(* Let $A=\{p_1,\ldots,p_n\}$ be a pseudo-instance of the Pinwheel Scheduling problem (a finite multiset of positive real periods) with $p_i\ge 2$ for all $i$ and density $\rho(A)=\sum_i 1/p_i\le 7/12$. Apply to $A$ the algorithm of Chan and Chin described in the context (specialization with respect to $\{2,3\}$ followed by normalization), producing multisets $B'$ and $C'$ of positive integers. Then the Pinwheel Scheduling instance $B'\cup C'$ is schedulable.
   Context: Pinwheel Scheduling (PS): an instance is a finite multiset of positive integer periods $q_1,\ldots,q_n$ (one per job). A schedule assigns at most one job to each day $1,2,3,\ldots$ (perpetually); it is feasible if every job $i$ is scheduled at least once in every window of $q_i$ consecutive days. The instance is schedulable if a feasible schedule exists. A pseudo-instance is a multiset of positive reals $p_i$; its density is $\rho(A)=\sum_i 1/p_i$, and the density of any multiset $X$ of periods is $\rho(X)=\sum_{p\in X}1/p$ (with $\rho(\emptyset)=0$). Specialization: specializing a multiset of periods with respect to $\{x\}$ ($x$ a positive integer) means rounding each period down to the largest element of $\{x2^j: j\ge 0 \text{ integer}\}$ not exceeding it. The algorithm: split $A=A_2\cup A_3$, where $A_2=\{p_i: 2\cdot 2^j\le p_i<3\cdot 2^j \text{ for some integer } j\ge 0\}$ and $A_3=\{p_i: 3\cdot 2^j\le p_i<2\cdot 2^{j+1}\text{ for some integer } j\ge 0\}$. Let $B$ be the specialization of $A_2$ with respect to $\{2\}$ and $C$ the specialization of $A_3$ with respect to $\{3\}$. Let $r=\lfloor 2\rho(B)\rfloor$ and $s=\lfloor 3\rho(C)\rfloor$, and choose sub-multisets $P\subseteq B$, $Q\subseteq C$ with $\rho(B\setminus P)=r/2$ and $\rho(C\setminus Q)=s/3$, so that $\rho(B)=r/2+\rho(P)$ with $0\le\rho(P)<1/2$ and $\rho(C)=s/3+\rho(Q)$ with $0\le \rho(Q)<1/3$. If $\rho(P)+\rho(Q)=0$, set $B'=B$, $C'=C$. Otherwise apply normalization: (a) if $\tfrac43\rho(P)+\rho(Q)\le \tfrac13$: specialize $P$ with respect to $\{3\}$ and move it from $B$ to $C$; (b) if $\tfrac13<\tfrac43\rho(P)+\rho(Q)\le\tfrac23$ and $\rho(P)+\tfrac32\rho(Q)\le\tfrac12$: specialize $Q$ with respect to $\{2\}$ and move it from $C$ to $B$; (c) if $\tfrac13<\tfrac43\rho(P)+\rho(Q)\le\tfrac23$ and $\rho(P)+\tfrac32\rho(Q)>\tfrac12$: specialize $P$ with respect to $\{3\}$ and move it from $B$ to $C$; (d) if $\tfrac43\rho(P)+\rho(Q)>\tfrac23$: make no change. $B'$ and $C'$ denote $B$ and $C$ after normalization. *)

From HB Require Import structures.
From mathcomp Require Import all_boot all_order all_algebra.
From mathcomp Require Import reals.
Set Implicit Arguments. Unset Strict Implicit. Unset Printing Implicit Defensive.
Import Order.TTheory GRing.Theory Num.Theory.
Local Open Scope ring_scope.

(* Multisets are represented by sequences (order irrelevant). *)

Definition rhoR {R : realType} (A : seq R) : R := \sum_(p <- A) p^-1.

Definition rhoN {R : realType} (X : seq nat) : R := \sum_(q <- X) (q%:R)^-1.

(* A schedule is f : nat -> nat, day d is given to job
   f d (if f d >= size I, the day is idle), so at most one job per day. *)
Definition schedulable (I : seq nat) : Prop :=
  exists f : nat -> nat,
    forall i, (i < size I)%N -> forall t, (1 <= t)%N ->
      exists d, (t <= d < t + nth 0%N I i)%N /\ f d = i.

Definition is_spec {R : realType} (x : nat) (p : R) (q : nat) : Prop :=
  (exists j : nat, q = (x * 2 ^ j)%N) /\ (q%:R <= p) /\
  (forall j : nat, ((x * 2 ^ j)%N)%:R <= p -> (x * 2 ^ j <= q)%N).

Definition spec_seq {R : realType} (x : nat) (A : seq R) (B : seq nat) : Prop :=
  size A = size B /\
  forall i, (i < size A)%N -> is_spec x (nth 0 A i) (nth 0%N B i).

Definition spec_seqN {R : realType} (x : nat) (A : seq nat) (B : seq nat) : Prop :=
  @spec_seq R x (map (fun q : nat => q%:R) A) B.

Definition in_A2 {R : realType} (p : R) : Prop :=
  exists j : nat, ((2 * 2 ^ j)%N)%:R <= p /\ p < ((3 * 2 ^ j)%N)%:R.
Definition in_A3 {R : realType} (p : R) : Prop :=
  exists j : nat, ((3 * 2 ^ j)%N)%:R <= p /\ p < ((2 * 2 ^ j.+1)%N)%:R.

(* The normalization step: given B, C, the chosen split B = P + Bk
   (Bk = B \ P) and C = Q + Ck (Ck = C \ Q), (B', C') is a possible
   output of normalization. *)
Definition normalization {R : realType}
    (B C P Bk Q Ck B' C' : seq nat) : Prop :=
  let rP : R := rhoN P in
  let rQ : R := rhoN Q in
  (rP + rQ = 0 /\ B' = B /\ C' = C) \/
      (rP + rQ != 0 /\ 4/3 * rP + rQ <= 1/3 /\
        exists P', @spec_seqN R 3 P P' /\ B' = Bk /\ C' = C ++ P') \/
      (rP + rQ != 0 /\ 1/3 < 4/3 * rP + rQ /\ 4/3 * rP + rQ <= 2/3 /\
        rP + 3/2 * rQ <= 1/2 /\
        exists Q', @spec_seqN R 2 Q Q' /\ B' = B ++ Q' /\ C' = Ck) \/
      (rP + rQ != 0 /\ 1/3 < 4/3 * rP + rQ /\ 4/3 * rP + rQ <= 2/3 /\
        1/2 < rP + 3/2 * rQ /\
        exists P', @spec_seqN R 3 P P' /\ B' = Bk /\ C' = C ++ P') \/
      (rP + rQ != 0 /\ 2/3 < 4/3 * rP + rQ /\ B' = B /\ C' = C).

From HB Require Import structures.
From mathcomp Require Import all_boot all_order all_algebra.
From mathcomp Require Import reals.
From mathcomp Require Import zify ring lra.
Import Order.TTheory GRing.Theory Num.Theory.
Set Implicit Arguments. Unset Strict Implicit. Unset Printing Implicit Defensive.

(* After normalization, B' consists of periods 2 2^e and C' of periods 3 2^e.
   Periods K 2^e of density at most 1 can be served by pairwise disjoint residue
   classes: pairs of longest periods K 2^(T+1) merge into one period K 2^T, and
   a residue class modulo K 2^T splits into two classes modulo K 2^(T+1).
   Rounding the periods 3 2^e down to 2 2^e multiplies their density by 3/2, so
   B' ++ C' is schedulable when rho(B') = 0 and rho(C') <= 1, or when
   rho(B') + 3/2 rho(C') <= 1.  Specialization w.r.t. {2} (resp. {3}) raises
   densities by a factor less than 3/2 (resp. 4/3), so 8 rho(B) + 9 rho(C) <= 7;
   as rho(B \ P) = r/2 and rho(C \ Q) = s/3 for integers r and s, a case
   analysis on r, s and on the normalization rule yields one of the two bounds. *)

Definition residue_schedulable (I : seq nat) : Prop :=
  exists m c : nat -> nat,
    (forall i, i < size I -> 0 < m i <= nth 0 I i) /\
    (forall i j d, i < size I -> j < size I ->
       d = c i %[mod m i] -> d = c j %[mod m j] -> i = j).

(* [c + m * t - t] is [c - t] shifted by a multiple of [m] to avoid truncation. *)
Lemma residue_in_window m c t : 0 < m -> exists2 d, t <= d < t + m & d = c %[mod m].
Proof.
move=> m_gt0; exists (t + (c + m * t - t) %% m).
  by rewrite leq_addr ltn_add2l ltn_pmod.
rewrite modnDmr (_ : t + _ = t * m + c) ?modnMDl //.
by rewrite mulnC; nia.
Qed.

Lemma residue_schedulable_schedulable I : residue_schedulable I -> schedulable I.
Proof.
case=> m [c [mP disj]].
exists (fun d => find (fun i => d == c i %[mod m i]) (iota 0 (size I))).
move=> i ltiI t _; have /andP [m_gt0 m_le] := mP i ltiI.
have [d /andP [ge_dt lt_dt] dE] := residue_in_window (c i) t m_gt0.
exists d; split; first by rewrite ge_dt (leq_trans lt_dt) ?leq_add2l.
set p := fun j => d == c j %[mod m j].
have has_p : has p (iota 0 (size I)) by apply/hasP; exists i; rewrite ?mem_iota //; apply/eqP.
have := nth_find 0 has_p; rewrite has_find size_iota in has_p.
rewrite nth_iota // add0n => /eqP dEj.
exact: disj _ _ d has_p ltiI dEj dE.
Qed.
******************************
**Task requirements**
Tally up the lines in the records that contain the word "Definition" and give only the total.

**Problem solution**
10